I've tried using Set-WebConfigurationProperty and Set-WebBinding ; neither errors but neither actually updates the binding with IIS - example:

Set-WebConfigurationProperty  -Name 'certificateHash'  -Value $newCert.Thumbprint -PSPath "IIS:\\"  ` 
-Filter "/system.applicationHost/sites/site/bindings/binding[@protocol='https'][@bindingInformation='*:443:hostname']"   `

Could anyone help point me in the right direction for what I'm missing?

Thanks, Mark.

PS, Apologies if this is a repeat question but all I can find is old stuff that doesn't work or relates to "-Set-Item IIS:\SslBindings" Maybe there is someway to get the IIS drive working with remoting?

Answer 1

Ran into this on 9/10/2021 using Powershell 7.1.4.

As of date of writing, this is an open issue on github for PowerShell.

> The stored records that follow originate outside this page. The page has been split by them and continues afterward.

(* An empty output is free, as [F i z == [::]] is [1 - (F i z != [::])], and every nonempty
   output uses up at least one unit of the budget [B]. *)
Lemma deg_le_mul_map_eq r B G (g : {set 'I_m} -> int) (tau : seq (seq X)) :
  deg_le G g ->
  (forall z, g z != 0 -> size (flatten [seq F i z | i <- r]) <= B)%N ->
  deg_le (G + B * e) (fun z => g z * b2i ([seq F i z | i <- r] == tau)).
Proof.
elim: r B G g tau => [|i r IH] B G g [|t tau] hg hB /=.
- by apply: eq_deg_le (deg_le_leq (leq_addr _ _) hg) => z; rewrite mulr1.
- by apply: deg_le0 => z; rewrite mulr0.
- by apply: deg_le0 => z; rewrite mulr0.
have {}hB z : g z != 0 -> (size (F i z) + size (flatten [seq F j z | j <- r]) <= B)%N.
  by move=> /hB; rewrite size_cat.
have IH_nonempty (P : pred (seq X)) : ~~ P [::] ->
    deg_le (G + B * e) (fun z => g z * b2i (P (F i z)) * b2i ([seq F i z | i <- r] == tau)).
  move=> P0; have size_gt0 z : P (F i z) -> (0 < size (F i z))%N.
    by case: (F i z) => //; rewrite (negPf P0).
  apply: deg_le_nonzero => z0.
  rewrite !mulf_eq0 !b2i_eq0 !negb_or !negbK => /andP[/andP[gz0 /size_gt0 Fz0_gt0] _].
  case: B hB => [|B] hB; first by move: (hB z0 gz0); lia.
  rewrite mulSn addnA; apply: IH; first by apply/deg_le_mul/deg_le_pred.
  move=> z; rewrite mulf_eq0 b2i_eq0 negb_or negbK => /andP[/hB + /size_gt0].
  lia.
case: t => [|x t].
  have hB' z : g z != 0 -> (size (flatten [seq F i z | i <- r]) <= B)%N.
    by move=> /hB; lia.
  apply: eq_deg_le (deg_le_sub (IH B G g tau hg hB') (IH_nonempty (fun s => s != [::]) isT)) => z.
  rewrite eqseq_cons b2i_and; case: (F i z == [::]) => /=.
    by rewrite mulr0 mul0r subr0 mul1r.
  by rewrite mulr1 subrr mul0r mulr0.
apply: eq_deg_le (IH_nonempty (pred1 (x :: t)) isT) => z.
by rewrite eqseq_cons b2i_and mulrA.
Qed.

Lemma ideg_le_flatten_map r B :
  (forall z, size (flatten [seq F i z | i <- r]) <= B)%N ->
  ideg_le (B * e) (fun z => flatten [seq F i z | i <- r]).
Proof.
move=> hB; apply: (ideg_le_comp (@flatten X) (g := fun z => [seq F i z | i <- r])) => tau.
have := deg_le_mul_map_eq tau (deg_le_cst 0 1) (fun z _ => hB z).
by apply: eq_deg_le => z; rewrite mul1r.
Qed.

End BoundedOutputs.

Local Close Scope ring_scope.

(** * Degree growth along an AMPC computation *)

Section Simulation.

Variables (K V : eqType) (S : nat).
Implicit Types (D : dds K V) (k : K).

Definition content D k : seq (K * V) := [seq p <- D | p.1 == k].

Lemma resp_content D k : resp D k = fun v => count (pred1 (k, v)) (content D k).
Proof.
apply: functional_extensionality => v; rewrite count_filter.
by apply: eq_count => -[k' v'] /=; case: eqP => // -[-> _]; rewrite eqxx.
Qed.

Lemma resp_size_content D k : resp_size D k = size (content D k).
Proof. by rewrite size_filter. Qed.

Lemma content_exec_round D ms k :
  content (exec_round S D ms) k = flatten [seq content (exec_machine S D mach) k | mach <- ms].
Proof. by rewrite /content /exec_round filter_flatten -map_comp. Qed.

Variable m : nat.
Implicit Types (DZ : {set 'I_m} -> dds K V).

(* Each query costs at least 1, so at most [S - c] more queries are answered. *)
Lemma run_machine_ideg DZ d mach :
  (forall k, ideg_le d (fun z => content (DZ z) k)) ->
  forall fuel h c, ideg_le ((S - c) * d) (fun z => run_machine S (DZ z) mach fuel h c).
Proof.
move=> DZ_deg; elim=> [|fuel IH] h c /=; first exact: ideg_le_cst.
case: (mach h) => [k|w]; last exact: ideg_le_cst.
have [le_Sc | lt_cS] := leqP S c.
  by apply: eq_ideg_le (ideg_le_cst _ [::]) => z /=; rewrite ifF // ltn_geF //; lia.
pose step C z :=
  if c + maxn 1 (size C) <= S then
    run_machine S (DZ z) mach fuel (rcons h (k, fun v => count (pred1 (k, v)) C))
      (c + maxn 1 (size C))
  else [::].
apply: (eq_ideg_le (g1 := fun z => step (content (DZ z) k) z)).
  by move=> z; rewrite /step resp_size_content resp_content.
rewrite -(subnSK lt_cS) mulSn; apply: ideg_le_bind (DZ_deg k) _ => C.
rewrite /step; case: (boolP (c + maxn 1 (size C) <= S)) => [_ | _]; last exact: ideg_le_cst.
by apply: ideg_le_leq (IH _ _); apply: leq_mul => //; have := leq_maxl 1 (size C); lia.
Qed.

Lemma exec_round_ideg DZ d ms :
  (forall k, ideg_le d (fun z => content (DZ z) k)) ->
  (forall z k, resp_size (exec_round S (DZ z) ms) k <= S) ->
  forall k, ideg_le (S * (S * d)) (fun z => content (exec_round S (DZ z) ms) k).
Proof.
move=> DZ_deg load k.
apply: eq_ideg_le (fun z => esym (content_exec_round _ _ k)) _.
apply: ideg_le_flatten_map => [mach | z].
  apply: (ideg_le_comp (content^~ k)).
  by have := run_machine_ideg mach DZ_deg S.+1 [::] 0; rewrite subn0.
by rewrite -(content_exec_round (DZ z)) -resp_size_content.
Qed.

Variables (n : nat) (keyIdx : upair n -> K) (valBit : bool -> V).
Hypothesis keyIdx_inj : injective keyIdx.

Lemma content_dds0 x k :
  content (dds0 keyIdx valBit x) k =
  if [pick e | keyIdx e == k] is Some e then [:: (k, valBit (x e))] else [::].
Proof.
rewrite /content /dds0 filter_map; case: pickP => [e /eqP <- | no_e].
  rewrite (eq_filter (a2 := pred1 e)) ?filter_pred1_uniq ?enum_uniq ?mem_enum //.
  by move=> e'; rewrite /= (inj_eq keyIdx_inj).
by rewrite (eq_filter (a2 := pred0)) ?filter_pred0 // => e; rewrite /= no_e.
Qed.

Lemma dds0_ideg (x : {set 'I_m} -> {ffun upair n -> bool}) k :
  (forall e, ideg_le 1 (fun z => x z e)) ->
  ideg_le 1 (fun z => content (dds0 keyIdx valBit (x z)) k).
Proof.
move=> x_deg; apply: eq_ideg_le (fun z => esym (content_dds0 (x z) k)) _.
case: pickP => [e _ | _]; last exact: ideg_le_cst.
exact: (ideg_le_comp (fun b => [:: (k, valBit b)]) (x_deg e)).
Qed.

Lemma dds_atS alg x r : r < size alg ->
  dds_at S keyIdx valBit alg x r.+1 =
  exec_round S (dds_at S keyIdx valBit alg x r) (nth [::] alg r).
Proof. by move=> lt_r; rewrite /dds_at (take_nth [::] lt_r) foldl_rcons. Qed.

Lemma dds_at_ideg alg (x : {set 'I_m} -> {ffun upair n -> bool}) :
  key_load_ok S keyIdx valBit alg -> (forall e, ideg_le 1 (fun z => x z e)) ->
  forall r k, r <= size alg ->
  ideg_le (S ^ (2 * r)) (fun z => content (dds_at S keyIdx valBit alg (x z) r) k).
Proof.
move=> load x_deg; elim=> [|r IH] k le_r; first by rewrite /dds_at take0; apply: dds0_ideg.
rewrite mulnS expnD -mulnA.
pose D z := dds_at S keyIdx valBit alg (x z) r.
apply: (eq_ideg_le (g1 := fun z => content (exec_round S (D z) (nth [::] alg r)) k)) => [z|].
  by rewrite dds_atS.
apply: exec_round_ideg => [k' | z k']; first exact/IH/ltnW.
by rewrite -dds_atS //; apply: load.
Qed.

End Simulation.

(** * The ladder gadget *)

Definition prefix_parity (z : nat -> bool) (k : nat) : bool := odd (count z (iota 0 k)).

Lemma prefix_paritySn z k : prefix_parity z k.+1 = prefix_parity z k (+) z k.
Proof. by rewrite /prefix_parity -addn1 iotaD count_cat /= addn0 oddD; case: (z k). Qed.

(* Vertex [u < h.*2] sits on layer [u %% h] of strand [h <= u].  The rung between layers [A] and
   [A.+1] crosses the strands iff [z A]; the closing rungs between layers [h.-1] and [0] cross
   them iff [t]. *)
Definition ladder h (z : nat -> bool) (t : bool) (A : nat) (a : bool) (B : nat) (b : bool) :=
  [|| ((B == A.+1) || (A == B.+1)) && (a (+) b == z (minn A B)),
      [&& A == h.-1, B == 0 & a (+) b == t]
    | [&& B == h.-1, A == 0 & a (+) b == t]].

(* Swapping the strands of every layer preceded by an odd number of crossings removes all the
   crossings and moves their parity to the closing rungs. *)
Lemma ladder_untwist h z t A a B b (p := prefix_parity z) :
  ladder h z t A (p A (+) a) B (p B (+) b) = ladder h (fun=> false) (t (+) p h.-1) A a B b.
Proof.
rewrite {}/p /ladder; congr (_ || (_ || _)).
- case: (B =P A.+1) => [->|_]; first rewrite (minn_idPl (leqnSn A)) prefix_paritySn.
    by case: (prefix_parity z A); case: (z A); case: a; case: b.
  case: (A =P B.+1) => [->|_] //; rewrite (minn_idPr (leqnSn B)) prefix_paritySn.
  by case: (prefix_parity z B); case: (z B); case: a; case: b.
- case: (A =P h.-1) => [->|_] //; case: (B =P 0) => [->|_] //=.
  by case: (prefix_parity z h.-1); case: a; case: b; case: t.
- case: (B =P h.-1) => [->|_] //; case: (A =P 0) => [->|_] //=.
  by case: (prefix_parity z h.-1); case: a; case: b; case: t.
Qed.

Definition ladder_rel (h : nat) (z : nat -> bool) (t : bool) : rel nat :=
  fun u v => ladder h z t (u %% h) (h <= u) (v %% h) (h <= v).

Link for reference: https://github.com/PowerShell/PowerShellModuleCoverage/issues/14

Issue is that PowerShell 7 is based on .NET Core and the PS module WebAdministrator is based on .NET Framework.

When you run

Import-Module WebAdministration
WARNING: Module WebAdministration is loaded in Windows PowerShell using WinPSCompatSession remoting session; please note that all input and output of commands from this module will be deserialized objects. If you want to load this module into PowerShell please use 'Import-Module -SkipEditionCheck' syntax.

Notice the mention of 'WinPSCompatSession' in the warning. If the module manifest doesn't indicate that the module is compatible with PowerShell Core, then it gets loaded via the Windows PowerShell Compatibility Feature.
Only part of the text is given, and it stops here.